### RECORDED DATA ###
(* Let $G=(V,E)$ be a directed graph whose edges are given on the external tape of a RATM-BIO as adjacency lists. Then the worst-case external access trace complexity of the DFS-Random Access algorithm (described in the context) executed on a RATM-BIO is $O(|V||E|)$.
   Context: A RATM-BIO (random access Turing machine with blocking IO) has a main memory tape with its address tape and an external memory tape with its address tape; a main head with random access on the main tape (jumping in one step to the cell whose index is on the main address tape when entering a random access state) and an external head that moves only one cell at a time on the external tape. Transitions are main memory computation transitions (main head moves, external head halts), external memory access transitions (external head moves one step, main head halts), and read/write transitions: on entering a read (write) state an external address is written, the main head halts and the external head moves step by step to the designated external cell; when reached, the content of that cell replaces (is replaced by) the content of the main memory cell under the main head, and main memory computation resumes. The external access trace complexity is the total number of moves of the external head. Semi-external setting: main memory has size $O(|V|)$; it holds an array $free[\cdot]$ indexed by vertices and a stack. DFS-Random Access algorithm: set $free[u]=1$ for all vertices $u$; for each vertex $u$: push $u$ on an empty stack; while the stack is nonempty, pop $v$; if $free[v]=1$, set $free[v]=0$ and, for each neighbor $w$ of $v$ (its adjacency list read from the external tape, in whatever order vertices are processed), if $free[w]=1$ push $w$. *)

(* Abstract model of the DFS-Random Access algorithm on a
   RATM-BIO, tracking only the external head movement. *)
From mathcomp Require Import all_boot.
Set Implicit Arguments. Unset Strict Implicit. Unset Printing Implicit Defensive.

Section DFSRA.
Variables (V : finType) (adj : V -> seq V).

Definition nedges : nat := \sum_(v : V) size (adj v).

Definition dist (m n : nat) : nat := (m - n) + (n - m).

(* External tape: the adjacency lists stored consecutively, in the vertex
   order [ord] (cells indexed from 0). *)
Variable ord : seq V.
Definition ext_tape : seq V := flatten [seq adj u | u <- ord].

Definition list_start (v : V) : nat :=
  sumn [seq size (adj u) | u <- take (index v ord) ord].

Definition list_addrs (v : V) : seq nat := iota (list_start v) (size (adj v)).

(* Read transitions on the addresses [addrs], one after the other, starting
   with the external head on cell [pos]; each read moves the head step by
   step to the target cell.  Returns (final head position, number of head
   moves, contents read).  [x0] is a dummy default for out-of-range cells. *)
Fixpoint read_cells (x0 : V) (pos : nat) (addrs : seq nat)
  : nat * nat * seq V :=
  match addrs with
  | [::] => (pos, 0, [::])
  | a :: rest =>
      let: (p, c, ws) := read_cells x0 a rest in
      (p, dist pos a + c, nth x0 ext_tape a :: ws)
  end.

Definition unmark (free : {ffun V -> bool}) (v : V) : {ffun V -> bool} :=
  [ffun x => if x == v then false else free x].

(* State: (free array, external head position, accumulated head moves).
   Inner while loop "while the stack is nonempty", with [fuel] bounding the
   number of pops.  The stack is a list whose head is the top. *)
Fixpoint dfs_loop (fuel : nat) (free : {ffun V -> bool}) (stack : seq V)
  (pos cost : nat) : {ffun V -> bool} * nat * nat :=
  match fuel with
  | 0 => (free, pos, cost)
  | f.+1 =>
    match stack with
    | [::] => (free, pos, cost)
    | v :: st =>
      if free v then
        let free' := unmark free v in
        let: (pos', c, ns) := read_cells v pos (list_addrs v) in
        dfs_loop f free' (rev [seq w <- ns | free' w] ++ st) pos' (cost + c)
      else dfs_loop f free st pos cost
    end
  end.

Definition dfs_ra_state (outer : seq V) (fuel : nat) : {ffun V -> bool} * nat * nat :=
  foldl (fun s u => let: (free, pos, cost) := s in dfs_loop fuel free [:: u] pos cost)
        ([ffun => true], 0, 0) outer.

(* external access trace complexity: total number of external head moves *)
Definition dfs_ra_trace (outer : seq V) (fuel : nat) : nat :=
  (dfs_ra_state outer fuel).2.

End DFSRA.

From mathcomp Require Import all_boot.
From mathcomp Require Import zify.

Set Implicit Arguments.
Unset Strict Implicit.
Unset Printing Implicit Defensive.

(* The external head never leaves the cells [0, |E|], so reading one
   adjacency list costs at most 2|E| head moves: at most |E| to reach the
   start of the list and fewer than |E| to scan it.  A list is read only when
   its vertex stops being free, which happens at most once per vertex.  Hence
   the potential  cost + 2|E| * #(free vertices)  never increases, and the
   trace is bounded by its initial value 2|E||V|. *)

Lemma foldl_potential (S A : Type) (f : S -> A -> S) (P : S -> Prop)
    (phi : S -> nat) :
  (forall s a, P s -> P (f s a) /\ phi (f s a) <= phi s) ->
  forall (xs : seq A) (s : S), P s -> P (foldl f s xs) /\ phi (foldl f s xs) <= phi s.
Proof.
move=> step; elim=> [|a xs IH] s Ps //=.
have [Pfs le_fs] := step s a Ps.
have [Pend le_end] := IH _ Pfs.
by split; last exact: leq_trans le_end le_fs.
Qed.

Section DFSTrace.
Variables (V : finType) (adj : V -> seq V) (ord : seq V).
Let N := nedges adj.

Lemma read_cells_iota x0 pos s m :
  (read_cells adj ord x0 pos (iota s m.+1)).1 = (s + m, dist pos s + m).
Proof.
elim: m s pos => [|m IH] s pos; first by rewrite /= !addn0.
have -> : read_cells adj ord x0 pos (iota s m.+2) =
  let: (p, c, ws) := read_cells adj ord x0 s (iota s.+1 m.+1) in
  (p, dist pos s + c, nth x0 (ext_tape adj ord) s :: ws) by [].
have := IH s.+1 s; case: (read_cells _ _ _ _ _) => [[p c] ws] /= [-> ->].
by rewrite /dist; congr pair; lia.
Qed.

Hypothesis ord_perm : perm_eq ord (enum V).

Lemma sumn_sizes_ord : sumn [seq size (adj u) | u <- ord] = N.
Proof. by rewrite /N /nedges sumnE big_map (perm_big _ ord_perm) big_enum. Qed.

Lemma list_start_size_le v : list_start adj ord v + size (adj v) <= N.
Proof.
have v_ord : v \in ord by rewrite (perm_mem ord_perm) mem_enum.
rewrite -sumn_sizes_ord /list_start.
rewrite -[in X in _ <= X](cat_take_drop (index v ord).+1 ord) map_cat sumn_cat.
rewrite (take_nth v) ?index_mem // nth_index // -cats1 map_cat sumn_cat /=.
lia.
Qed.

Lemma read_list_bound v pos : pos <= N ->
  let: (pos', cost) := (read_cells adj ord v pos (list_addrs adj ord v)).1 in
  pos' <= N /\ cost <= 2 * N.
Proof.
move=> pos_le; have := list_start_size_le v.
rewrite /list_addrs; case: (size (adj v)) => [|m] end_le /=; first by lia.
by rewrite read_cells_iota /dist; lia.
Qed.

Definition nfree (free : {ffun V -> bool}) : nat := #|[pred x | free x]|.

Lemma nfree_unmark (free : {ffun V -> bool}) v :
  free v -> nfree free = (nfree (unmark free v)).+1.
Proof.
move=> free_v; rewrite /nfree (cardD1 v) inE free_v add1n; congr _.+1.
by apply: eq_card => x; rewrite !inE ffunE; case: eqP.
Qed.

Definition head_on_tape (st : {ffun V -> bool} * nat * nat) : Prop := st.1.2 <= N.

Definition potential (st : {ffun V -> bool} * nat * nat) : nat :=
  st.2 + 2 * N * nfree st.1.1.

Lemma dfs_loop_potential fuel free stack pos cost :
  pos <= N ->
  let st := dfs_loop adj ord fuel free stack pos cost in
  head_on_tape st /\ potential st <= potential (free, pos, cost).
Proof.
elim: fuel free stack pos cost => [|f IH] free [|v stack] pos cost pos_le //=.
case: ifP => free_v; last exact: IH.
have := read_list_bound v pos_le.
case: (read_cells _ _ _ _ _) => [[pos' c] ws] /= [pos'_le c_le].
have [on_tape pot_le] := IH (unmark free v) (rev [seq w <- ws | unmark free v w] ++ stack)
  pos' (cost + c) pos'_le.
split=> //; apply: (leq_trans pot_le).
by rewrite /potential /= (nfree_unmark free_v); lia.
Qed.

End DFSTrace.

Theorem theorem7 :
  exists c : nat,
    forall (V : finType) (adj : V -> seq V),
      (forall v, uniq (adj v)) ->
      forall (ord outer : seq V),
        perm_eq ord (enum V) -> perm_eq outer (enum V) ->
        forall fuel : nat,
          dfs_ra_trace adj ord outer fuel <= c * #|V| * nedges adj.
Proof.
exists 2 => V adj _ ord outer ord_perm _ fuel.
pose step s u := let: (free, pos, cost) := s in dfs_loop adj ord fuel free [:: u] pos cost.
have step_potential s u : head_on_tape adj s ->
    head_on_tape adj (step s u) /\ potential adj (step s u) <= potential adj s.
  by case: s => [[free pos] cost]; apply: dfs_loop_potential.
have start_on_tape : head_on_tape adj ([ffun => true], 0, 0) by [].
have [_ pot_le] := foldl_potential step_potential outer start_on_tape.
apply: leq_trans (leq_addr _ _) (leq_trans pot_le _).
by rewrite /potential /nfree /= add0n mulnAC leq_mul2r leq_mul2l max_card !orbT.
Qed.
###
WHAT TO DO: Copy exactly the lines running from the one that holds "Definition potential (st" to the last line of the listing above. Include both of those lines.

EXPECTED ANSWER:
Definition potential (st : {ffun V -> bool} * nat * nat) : nat :=
  st.2 + 2 * N * nfree st.1.1.

Lemma dfs_loop_potential fuel free stack pos cost :
  pos <= N ->
  let st := dfs_loop adj ord fuel free stack pos cost in
  head_on_tape st /\ potential st <= potential (free, pos, cost).
Proof.
elim: fuel free stack pos cost => [|f IH] free [|v stack] pos cost pos_le //=.
case: ifP => free_v; last exact: IH.
have := read_list_bound v pos_le.
case: (read_cells _ _ _ _ _) => [[pos' c] ws] /= [pos'_le c_le].
have [on_tape pot_le] := IH (unmark free v) (rev [seq w <- ws | unmark free v w] ++ stack)
  pos' (cost + c) pos'_le.
split=> //; apply: (leq_trans pot_le).
by rewrite /potential /= (nfree_unmark free_v); lia.
Qed.

End DFSTrace.

Theorem theorem7 :
  exists c : nat,
    forall (V : finType) (adj : V -> seq V),
      (forall v, uniq (adj v)) ->
      forall (ord outer : seq V),
        perm_eq ord (enum V) -> perm_eq outer (enum V) ->
        forall fuel : nat,
          dfs_ra_trace adj ord outer fuel <= c * #|V| * nedges adj.
Proof.
exists 2 => V adj _ ord outer ord_perm _ fuel.
pose step s u := let: (free, pos, cost) := s in dfs_loop adj ord fuel free [:: u] pos cost.
have step_potential s u : head_on_tape adj s ->
    head_on_tape adj (step s u) /\ potential adj (step s u) <= potential adj s.
  by case: s => [[free pos] cost]; apply: dfs_loop_potential.
have start_on_tape : head_on_tape adj ([ffun => true], 0, 0) by [].
have [_ pot_le] := foldl_potential step_potential outer start_on_tape.
apply: leq_trans (leq_addr _ _) (leq_trans pot_le _).
by rewrite /potential /nfree /= add0n mulnAC leq_mul2r leq_mul2l max_card !orbT.
Qed.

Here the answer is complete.